## Your goal:
Search the data for the string "Section" and copy each line where it turns up.

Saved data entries
(* Consider a shared-cache coded caching system with $N$ files $X^1,\dots,X^N$, $K$ users and $\Lambda\le K$ caches, with $N\ge K$, and let $t=\Lambda\gamma\in\{1,\dots,\Lambda\}$ be an integer. The users are partitioned into sets $\mathcal{U}_1,\dots,\mathcal{U}_\Lambda$, where $\mathcal{U}_\lambda$ is the set of users associated with cache $\lambda$, and the caches are labelled so that $\mathcal{L}_1\ge\mathcal{L}_2\ge\dots\ge\mathcal{L}_\Lambda$, where $\mathcal{L}_\lambda=|\mathcal{U}_\lambda|$. Let the placement be the SC placement $\mathcal{M}_{\text{SC}}$ described in the context, and let $\mathbf{d}_{\text{worst}}=(d_1,\dots,d_K)$ be a demand vector in which the users request pairwise distinct files. Then the generalized independence number and the min-rank over $\mathbb{F}_q$ of the induced index coding problem $\mathcal{I}(\mathcal{M}_{\text{SC}},\mathbf{d}_{\text{worst}})$ satisfy $$\alpha(\mathcal{M}_{\text{SC}},\mathbf{d}_{\text{worst}})=\kappa(\mathcal{M}_{\text{SC}},\mathbf{d}_{\text{worst}})=\sum_{i=1}^{\Lambda-\Lambda\gamma}\mathcal{L}_i\binom{\Lambda-i}{\Lambda\gamma}.$$
   Context: Binomial convention: $\binom{n}{k}=\frac{n!}{(n-k)!k!}$ and $\binom{n}{k}=0$ if $n<k$. Here $\gamma=M/N$, where $M$ is the normalized cache memory, and $t=\Lambda\gamma$ is assumed to be an integer. SC placement $\mathcal{M}_{\text{SC}}$: each file $X^n$ is split into $\binom{\Lambda}{t}$ disjoint subfiles $X^n_{\mathcal{T}}$, one for each $\mathcal{T}\subseteq[\Lambda]$ with $|\mathcal{T}|=t$, and each subfile is regarded as a single symbol of the finite field $\mathbb{F}_q$. Cache $\lambda$ stores all subfiles $X^n_{\mathcal{T}}$ with $\lambda\in\mathcal{T}$, $n\in[N]$. Every user associated with cache $\lambda$ has access to exactly that cache's content. Index coding problem $\mathcal{I}(\mathcal{M}_{\text{SC}},\mathbf{d})$: its messages are the $N\binom{\Lambda}{t}$ subfiles $X^n_{\mathcal{T}}$. For each user $u$, associated with cache $\lambda$ and demanding file $d_u$, and for each $\mathcal{T}$ with $\lambda\notin\mathcal{T}$, there is one receiver that demands $X^{d_u}_{\mathcal{T}}$ and whose side-information set is the set of messages stored in cache $\lambda$. For an index coding problem with messages indexed by $[n]$ and receivers $i\in[K']$, where receiver $i$ demands message $f(i)$ and has side-information index set $\mathcal{X}_i$ with $f(i)\notin\mathcal{X}_i$, define the following. - Min-rank over $\mathbb{F}_q$: $\kappa=\min\{\mathrm{rank}_q(\{\mathbf{v}_i+\mathbf{e}_{f(i)}\}_{i\in[K']}) : \mathbf{v}_i\in\mathbb{F}_q^n,\ \mathrm{supp}(\mathbf{v}_i)\subseteq\mathcal{X}_i\}$, where $\mathbf{e}_j$ is the $j$-th standard unit vector. This equals the minimum length of a scalar linear index code over $\mathbb{F}_q$. - Generalized independence number: let $\mathcal{Y}_i=[n]\setminus(\{f(i)\}\cup\mathcal{X}_i)$ and $\mathcal{J}=\bigcup_{i}\{\{f(i)\}\cup Y_i : Y_i\subseteq\mathcal{Y}_i\}$. A set $H\subseteq[n]$ is a generalized independent set if every nonempty subset of $H$ belongs to $\mathcal{J}$. Then $\alpha$ is the maximum size of a generalized independent set. $\alpha(\mathcal{M}_{\text{SC}},\mathbf{d})$ and $\kappa(\mathcal{M}_{\text{SC}},\mathbf{d})$ denote these quantities for $\mathcal{I}(\mathcal{M}_{\text{SC}},\mathbf{d})$. *)

From HB Require Import structures.
From mathcomp Require Import all_boot all_order all_algebra.
Set Implicit Arguments. Unset Strict Implicit. Unset Printing Implicit Defensive.
Import GRing.Theory.

(* Messages: finType Msg; receivers: finType Rcv; receiver i demands f i and
   has side information X i. *)
Section IndexCoding.
Variables (Msg Rcv : finType) (f : Rcv -> Msg) (X : Rcv -> {set Msg}).

Local Open Scope ring_scope.
Definition ic_matrix (F : fieldType) (V : Rcv -> Msg -> F)
  : 'M[F]_(#|Rcv|, #|Msg|) :=
  \matrix_(i < #|Rcv|, j < #|Msg|)
     (V (enum_val i) (enum_val j) + ((enum_val j == f (enum_val i))%:R)%R).

Definition ic_admissible (F : finFieldType) (V : {ffun Rcv -> {ffun Msg -> F}}) :=
  [forall i, forall j, (V i j != 0%R) ==> (j \in X i)].

Local Close Scope ring_scope.
Definition minrank (F : finFieldType) : nat :=
  \big[minn/#|Rcv|]_(V : {ffun Rcv -> {ffun Msg -> F}} | ic_admissible V)
     \rank (ic_matrix (fun i j => V i j)).
(* Let $G$ be a torsion-free nilpotent group with Hirsch length $h$, and let $x_1,\ldots,x_h$ be a generating set of $G$ such that every $g\in G$ can be written uniquely as $g=x_1^{\ell_1}\cdots x_h^{\ell_h}$ with $\ell_i\in\mathbb{Z}$, and $[x_i,x_j]\in\langle x_{j+1},\ldots,x_h\rangle$ whenever $1\le i<j\le h$. Suppose further that for some positive integers $q_1,\ldots,q_h$ the set $H=\{x_1^{q_1\ell_1}\cdots x_h^{q_h\ell_h}:\ell_i\in\mathbb{Z}\}$ is a subgroup of $G$. Then the set $X=\{x_1^{k_1}\cdots x_h^{k_h}:0\le k_i<q_i\}$ contains exactly one element from each left coset $gH$ of $H$ in $G$.
   Context: $[x,y]=x^{-1}y^{-1}xy$. *)

From Stdlib Require Import ZArith Arith Lia List.
Open Scope Z_scope.

Record Group := {
  carrier :> Type;
  gmul : carrier -> carrier -> carrier;
  gone : carrier;
  ginv : carrier -> carrier;
  gmulA : forall a b c, gmul a (gmul b c) = gmul (gmul a b) c;
  gmul1l : forall a, gmul gone a = a;
  gmul1r : forall a, gmul a gone = a;
  gmulVl : forall a, gmul (ginv a) a = gone;
  gmulVr : forall a, gmul a (ginv a) = gone
}.

Section GroupDefs.
Variable G : Group.

Definition npow (x : G) (n : nat) : G := Nat.iter n (fun y => gmul G y x) (gone G).

Definition zpow (x : G) (n : Z) : G :=
  match n with
  | Z0 => gone G
  | Zpos p => npow x (Pos.to_nat p)
  | Zneg p => npow (ginv G x) (Pos.to_nat p)
  end.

## Solution for this task:
Section IndexCoding.
Section GroupDefs.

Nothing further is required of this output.